» **Problem statement**: Would you please transcribe the entire listing exactly?

» **Input material**:
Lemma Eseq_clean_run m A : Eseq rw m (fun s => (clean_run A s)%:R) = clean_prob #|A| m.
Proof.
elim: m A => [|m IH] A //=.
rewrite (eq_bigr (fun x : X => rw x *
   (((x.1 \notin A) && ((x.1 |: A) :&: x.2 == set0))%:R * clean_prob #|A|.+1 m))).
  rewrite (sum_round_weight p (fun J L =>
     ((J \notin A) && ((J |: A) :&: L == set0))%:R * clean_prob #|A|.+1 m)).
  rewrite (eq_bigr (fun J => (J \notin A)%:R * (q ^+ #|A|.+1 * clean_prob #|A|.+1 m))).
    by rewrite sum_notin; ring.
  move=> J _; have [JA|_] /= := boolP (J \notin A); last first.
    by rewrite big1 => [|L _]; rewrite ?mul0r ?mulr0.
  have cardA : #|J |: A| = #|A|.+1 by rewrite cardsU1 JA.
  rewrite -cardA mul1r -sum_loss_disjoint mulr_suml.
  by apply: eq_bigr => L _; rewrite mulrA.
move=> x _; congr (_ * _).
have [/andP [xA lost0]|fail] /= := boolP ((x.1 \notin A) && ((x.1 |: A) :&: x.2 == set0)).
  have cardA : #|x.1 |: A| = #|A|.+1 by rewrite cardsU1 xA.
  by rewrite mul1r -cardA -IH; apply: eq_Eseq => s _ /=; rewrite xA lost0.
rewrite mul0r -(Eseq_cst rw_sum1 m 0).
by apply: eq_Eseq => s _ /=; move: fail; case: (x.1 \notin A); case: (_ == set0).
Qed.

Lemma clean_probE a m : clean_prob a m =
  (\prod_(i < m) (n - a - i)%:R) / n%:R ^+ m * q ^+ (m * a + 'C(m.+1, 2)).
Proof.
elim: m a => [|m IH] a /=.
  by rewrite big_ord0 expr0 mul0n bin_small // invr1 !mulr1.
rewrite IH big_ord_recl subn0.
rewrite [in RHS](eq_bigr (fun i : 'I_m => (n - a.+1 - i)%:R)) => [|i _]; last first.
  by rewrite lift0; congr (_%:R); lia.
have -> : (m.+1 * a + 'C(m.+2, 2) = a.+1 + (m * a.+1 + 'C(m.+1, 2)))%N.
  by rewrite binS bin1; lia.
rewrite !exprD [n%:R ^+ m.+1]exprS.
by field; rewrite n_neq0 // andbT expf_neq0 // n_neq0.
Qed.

» **Solved problem**:
Lemma Eseq_clean_run m A : Eseq rw m (fun s => (clean_run A s)%:R) = clean_prob #|A| m.
Proof.
elim: m A => [|m IH] A //=.
rewrite (eq_bigr (fun x : X => rw x *
   (((x.1 \notin A) && ((x.1 |: A) :&: x.2 == set0))%:R * clean_prob #|A|.+1 m))).
  rewrite (sum_round_weight p (fun J L =>
     ((J \notin A) && ((J |: A) :&: L == set0))%:R * clean_prob #|A|.+1 m)).
  rewrite (eq_bigr (fun J => (J \notin A)%:R * (q ^+ #|A|.+1 * clean_prob #|A|.+1 m))).
    by rewrite sum_notin; ring.
  move=> J _; have [JA|_] /= := boolP (J \notin A); last first.
    by rewrite big1 => [|L _]; rewrite ?mul0r ?mulr0.
  have cardA : #|J |: A| = #|A|.+1 by rewrite cardsU1 JA.
  rewrite -cardA mul1r -sum_loss_disjoint mulr_suml.
  by apply: eq_bigr => L _; rewrite mulrA.
move=> x _; congr (_ * _).
have [/andP [xA lost0]|fail] /= := boolP ((x.1 \notin A) && ((x.1 |: A) :&: x.2 == set0)).
  have cardA : #|x.1 |: A| = #|A|.+1 by rewrite cardsU1 xA.
  by rewrite mul1r -cardA -IH; apply: eq_Eseq => s _ /=; rewrite xA lost0.
rewrite mul0r -(Eseq_cst rw_sum1 m 0).
by apply: eq_Eseq => s _ /=; move: fail; case: (x.1 \notin A); case: (_ == set0).
Qed.

Lemma clean_probE a m : clean_prob a m =
  (\prod_(i < m) (n - a - i)%:R) / n%:R ^+ m * q ^+ (m * a + 'C(m.+1, 2)).
Proof.
elim: m a => [|m IH] a /=.
  by rewrite big_ord0 expr0 mul0n bin_small // invr1 !mulr1.
rewrite IH big_ord_recl subn0.
rewrite [in RHS](eq_bigr (fun i : 'I_m => (n - a.+1 - i)%:R)) => [|i _]; last first.
  by rewrite lift0; congr (_%:R); lia.
have -> : (m.+1 * a + 'C(m.+2, 2) = a.+1 + (m * a.+1 + 'C(m.+1, 2)))%N.
  by rewrite binS bin1; lia.
rewrite !exprD [n%:R ^+ m.+1]exprS.
by field; rewrite n_neq0 // andbT expf_neq0 // n_neq0.
Qed.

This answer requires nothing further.